**EXERCISE DETAILS:**
Search the material and gather each line with "Definition" in it.
==========
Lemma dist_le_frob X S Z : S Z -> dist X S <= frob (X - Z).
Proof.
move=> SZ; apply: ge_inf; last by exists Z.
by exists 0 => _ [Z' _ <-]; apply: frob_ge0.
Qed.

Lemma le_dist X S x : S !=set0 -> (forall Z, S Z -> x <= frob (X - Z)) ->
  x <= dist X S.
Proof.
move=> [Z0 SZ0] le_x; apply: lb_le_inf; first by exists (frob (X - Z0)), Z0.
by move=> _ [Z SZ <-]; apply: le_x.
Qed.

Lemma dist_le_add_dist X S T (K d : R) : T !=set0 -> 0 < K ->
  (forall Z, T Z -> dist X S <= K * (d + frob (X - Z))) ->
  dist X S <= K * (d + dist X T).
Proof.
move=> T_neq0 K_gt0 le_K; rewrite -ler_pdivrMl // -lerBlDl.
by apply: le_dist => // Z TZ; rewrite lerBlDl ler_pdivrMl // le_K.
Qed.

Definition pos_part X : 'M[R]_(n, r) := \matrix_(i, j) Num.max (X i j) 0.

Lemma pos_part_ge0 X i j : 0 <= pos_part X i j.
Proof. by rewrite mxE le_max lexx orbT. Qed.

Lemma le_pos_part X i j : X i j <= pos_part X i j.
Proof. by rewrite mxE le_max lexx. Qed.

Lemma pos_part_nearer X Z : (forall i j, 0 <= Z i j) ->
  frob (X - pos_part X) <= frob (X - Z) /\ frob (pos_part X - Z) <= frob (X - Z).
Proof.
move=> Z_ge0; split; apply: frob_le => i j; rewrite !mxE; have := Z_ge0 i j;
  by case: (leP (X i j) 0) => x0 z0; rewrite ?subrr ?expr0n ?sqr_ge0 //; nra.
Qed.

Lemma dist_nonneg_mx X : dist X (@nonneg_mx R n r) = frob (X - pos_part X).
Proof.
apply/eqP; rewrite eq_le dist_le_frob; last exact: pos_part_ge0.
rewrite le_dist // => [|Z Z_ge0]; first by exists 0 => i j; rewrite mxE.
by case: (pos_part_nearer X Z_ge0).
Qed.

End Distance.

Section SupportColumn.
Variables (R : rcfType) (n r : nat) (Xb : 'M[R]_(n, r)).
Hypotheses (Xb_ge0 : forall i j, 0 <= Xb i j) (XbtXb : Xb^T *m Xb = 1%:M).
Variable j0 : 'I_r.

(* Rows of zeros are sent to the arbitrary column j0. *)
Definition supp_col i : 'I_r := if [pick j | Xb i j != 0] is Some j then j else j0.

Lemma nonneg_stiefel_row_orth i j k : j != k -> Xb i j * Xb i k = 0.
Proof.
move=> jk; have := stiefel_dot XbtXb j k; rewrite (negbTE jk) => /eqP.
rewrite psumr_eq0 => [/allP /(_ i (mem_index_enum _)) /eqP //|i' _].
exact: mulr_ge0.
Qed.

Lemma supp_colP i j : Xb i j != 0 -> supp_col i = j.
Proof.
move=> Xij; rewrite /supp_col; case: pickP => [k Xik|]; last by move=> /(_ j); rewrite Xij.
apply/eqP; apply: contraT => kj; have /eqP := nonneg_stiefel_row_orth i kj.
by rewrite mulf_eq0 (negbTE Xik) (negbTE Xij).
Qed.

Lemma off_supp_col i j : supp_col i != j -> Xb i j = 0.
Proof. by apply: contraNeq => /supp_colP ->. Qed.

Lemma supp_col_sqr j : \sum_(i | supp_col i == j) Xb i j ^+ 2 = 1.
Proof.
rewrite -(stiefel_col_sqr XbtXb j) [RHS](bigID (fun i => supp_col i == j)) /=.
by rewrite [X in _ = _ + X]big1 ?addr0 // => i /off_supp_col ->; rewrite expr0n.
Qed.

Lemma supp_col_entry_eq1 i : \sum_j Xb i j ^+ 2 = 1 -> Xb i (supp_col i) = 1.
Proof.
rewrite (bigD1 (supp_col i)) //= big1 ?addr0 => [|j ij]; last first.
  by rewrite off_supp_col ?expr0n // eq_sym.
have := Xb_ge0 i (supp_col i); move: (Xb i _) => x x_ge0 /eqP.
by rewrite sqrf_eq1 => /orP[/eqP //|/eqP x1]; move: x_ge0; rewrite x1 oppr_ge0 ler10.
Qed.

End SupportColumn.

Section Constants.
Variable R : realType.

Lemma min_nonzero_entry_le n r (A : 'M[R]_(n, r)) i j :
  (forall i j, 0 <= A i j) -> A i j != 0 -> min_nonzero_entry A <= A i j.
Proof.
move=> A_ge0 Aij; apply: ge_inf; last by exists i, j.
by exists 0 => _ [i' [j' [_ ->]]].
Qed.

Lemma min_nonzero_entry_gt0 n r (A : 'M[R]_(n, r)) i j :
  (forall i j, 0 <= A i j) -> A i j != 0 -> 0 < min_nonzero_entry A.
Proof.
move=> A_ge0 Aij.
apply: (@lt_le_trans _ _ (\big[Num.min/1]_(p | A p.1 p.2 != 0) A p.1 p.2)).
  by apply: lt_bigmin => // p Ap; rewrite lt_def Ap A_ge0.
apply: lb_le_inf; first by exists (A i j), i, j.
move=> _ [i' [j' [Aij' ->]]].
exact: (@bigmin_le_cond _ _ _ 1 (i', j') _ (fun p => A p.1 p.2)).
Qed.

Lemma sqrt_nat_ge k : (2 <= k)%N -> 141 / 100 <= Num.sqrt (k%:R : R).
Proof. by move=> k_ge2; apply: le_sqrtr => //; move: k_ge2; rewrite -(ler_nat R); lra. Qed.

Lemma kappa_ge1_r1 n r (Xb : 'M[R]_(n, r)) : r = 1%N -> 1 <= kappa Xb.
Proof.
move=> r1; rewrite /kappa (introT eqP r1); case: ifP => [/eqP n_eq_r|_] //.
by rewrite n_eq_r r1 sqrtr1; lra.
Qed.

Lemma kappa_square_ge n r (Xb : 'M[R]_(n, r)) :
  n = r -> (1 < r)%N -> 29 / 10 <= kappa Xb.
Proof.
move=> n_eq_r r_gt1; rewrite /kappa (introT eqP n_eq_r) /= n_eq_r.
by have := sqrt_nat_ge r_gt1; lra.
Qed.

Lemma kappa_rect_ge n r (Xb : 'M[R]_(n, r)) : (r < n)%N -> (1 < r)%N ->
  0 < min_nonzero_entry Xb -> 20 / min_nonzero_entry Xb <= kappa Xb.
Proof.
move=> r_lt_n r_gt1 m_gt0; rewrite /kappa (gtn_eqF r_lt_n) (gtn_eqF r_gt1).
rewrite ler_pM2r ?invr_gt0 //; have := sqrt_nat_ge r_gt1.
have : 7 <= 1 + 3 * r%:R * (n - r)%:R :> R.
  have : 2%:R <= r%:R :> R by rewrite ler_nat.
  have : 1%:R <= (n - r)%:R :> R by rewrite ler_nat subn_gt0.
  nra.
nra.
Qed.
==========
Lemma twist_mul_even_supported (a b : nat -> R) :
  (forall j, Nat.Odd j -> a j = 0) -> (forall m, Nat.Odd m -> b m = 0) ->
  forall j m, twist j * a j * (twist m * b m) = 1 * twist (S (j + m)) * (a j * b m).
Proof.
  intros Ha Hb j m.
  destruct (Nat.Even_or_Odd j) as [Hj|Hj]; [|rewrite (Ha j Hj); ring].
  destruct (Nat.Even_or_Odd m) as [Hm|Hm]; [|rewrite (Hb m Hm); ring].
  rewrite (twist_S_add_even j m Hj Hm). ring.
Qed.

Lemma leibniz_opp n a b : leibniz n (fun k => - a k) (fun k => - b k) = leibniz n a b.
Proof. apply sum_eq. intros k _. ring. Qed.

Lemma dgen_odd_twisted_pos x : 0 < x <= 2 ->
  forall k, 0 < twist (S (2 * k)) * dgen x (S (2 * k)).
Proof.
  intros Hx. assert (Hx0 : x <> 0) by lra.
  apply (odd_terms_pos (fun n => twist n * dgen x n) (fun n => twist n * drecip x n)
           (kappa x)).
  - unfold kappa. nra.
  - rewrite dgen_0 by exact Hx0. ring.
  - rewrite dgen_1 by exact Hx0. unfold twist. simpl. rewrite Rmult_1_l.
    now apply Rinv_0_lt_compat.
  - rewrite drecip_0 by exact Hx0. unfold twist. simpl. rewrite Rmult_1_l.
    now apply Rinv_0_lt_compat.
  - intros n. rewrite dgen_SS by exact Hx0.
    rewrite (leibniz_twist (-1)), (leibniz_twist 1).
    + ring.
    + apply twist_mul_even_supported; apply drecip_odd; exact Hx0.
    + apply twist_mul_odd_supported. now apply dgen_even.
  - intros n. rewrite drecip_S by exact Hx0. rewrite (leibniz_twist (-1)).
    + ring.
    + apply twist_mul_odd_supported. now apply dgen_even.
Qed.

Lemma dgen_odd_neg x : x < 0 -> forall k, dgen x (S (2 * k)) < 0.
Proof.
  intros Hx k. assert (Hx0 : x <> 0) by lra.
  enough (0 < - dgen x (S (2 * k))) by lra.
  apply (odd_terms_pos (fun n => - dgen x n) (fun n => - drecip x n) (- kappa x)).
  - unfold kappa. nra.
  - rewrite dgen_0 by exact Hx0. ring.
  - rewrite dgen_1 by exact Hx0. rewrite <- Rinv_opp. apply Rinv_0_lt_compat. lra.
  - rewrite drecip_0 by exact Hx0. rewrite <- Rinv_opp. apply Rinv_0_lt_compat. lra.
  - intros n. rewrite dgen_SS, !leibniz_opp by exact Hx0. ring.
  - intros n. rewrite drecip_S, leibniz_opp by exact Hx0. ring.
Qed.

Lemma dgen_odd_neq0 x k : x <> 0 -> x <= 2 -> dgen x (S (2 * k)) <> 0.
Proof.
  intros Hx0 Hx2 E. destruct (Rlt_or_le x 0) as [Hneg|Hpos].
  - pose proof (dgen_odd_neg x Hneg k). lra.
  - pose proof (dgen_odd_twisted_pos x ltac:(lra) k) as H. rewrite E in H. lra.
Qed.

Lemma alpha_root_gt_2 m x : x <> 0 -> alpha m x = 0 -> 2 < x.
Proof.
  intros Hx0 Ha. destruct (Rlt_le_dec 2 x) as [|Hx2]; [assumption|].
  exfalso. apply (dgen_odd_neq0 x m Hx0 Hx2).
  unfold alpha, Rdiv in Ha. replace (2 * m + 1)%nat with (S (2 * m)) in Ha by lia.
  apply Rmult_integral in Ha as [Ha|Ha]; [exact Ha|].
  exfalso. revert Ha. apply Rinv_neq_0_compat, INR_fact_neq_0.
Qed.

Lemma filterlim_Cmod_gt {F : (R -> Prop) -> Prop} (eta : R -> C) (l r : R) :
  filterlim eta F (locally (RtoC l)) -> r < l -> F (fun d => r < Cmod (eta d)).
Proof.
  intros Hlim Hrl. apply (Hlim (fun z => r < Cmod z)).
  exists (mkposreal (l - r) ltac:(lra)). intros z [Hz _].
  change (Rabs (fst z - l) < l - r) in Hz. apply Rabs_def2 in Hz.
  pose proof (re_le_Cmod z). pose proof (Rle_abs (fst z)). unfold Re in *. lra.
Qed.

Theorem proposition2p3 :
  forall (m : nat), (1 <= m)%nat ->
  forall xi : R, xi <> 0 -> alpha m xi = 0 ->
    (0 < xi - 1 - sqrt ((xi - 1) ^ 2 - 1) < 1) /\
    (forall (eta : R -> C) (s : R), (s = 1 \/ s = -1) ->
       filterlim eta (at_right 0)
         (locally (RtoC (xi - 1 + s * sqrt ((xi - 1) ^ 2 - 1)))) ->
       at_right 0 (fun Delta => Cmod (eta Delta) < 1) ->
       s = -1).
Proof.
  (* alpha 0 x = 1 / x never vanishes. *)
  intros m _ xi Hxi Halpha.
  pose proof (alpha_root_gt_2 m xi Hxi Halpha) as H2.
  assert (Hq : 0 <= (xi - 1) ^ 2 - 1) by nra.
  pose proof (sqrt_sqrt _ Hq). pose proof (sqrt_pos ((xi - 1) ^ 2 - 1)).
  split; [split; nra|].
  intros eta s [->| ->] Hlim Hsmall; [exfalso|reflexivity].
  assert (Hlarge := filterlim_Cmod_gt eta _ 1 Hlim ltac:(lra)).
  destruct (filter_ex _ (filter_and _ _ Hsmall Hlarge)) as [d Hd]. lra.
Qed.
==========
**EXERCISE RESPONSE:**
Definition pos_part X : 'M[R]_(n, r) := \matrix_(i, j) Num.max (X i j) 0.
Definition supp_col i : 'I_r := if [pick j | Xb i j != 0] is Some j then j else j0.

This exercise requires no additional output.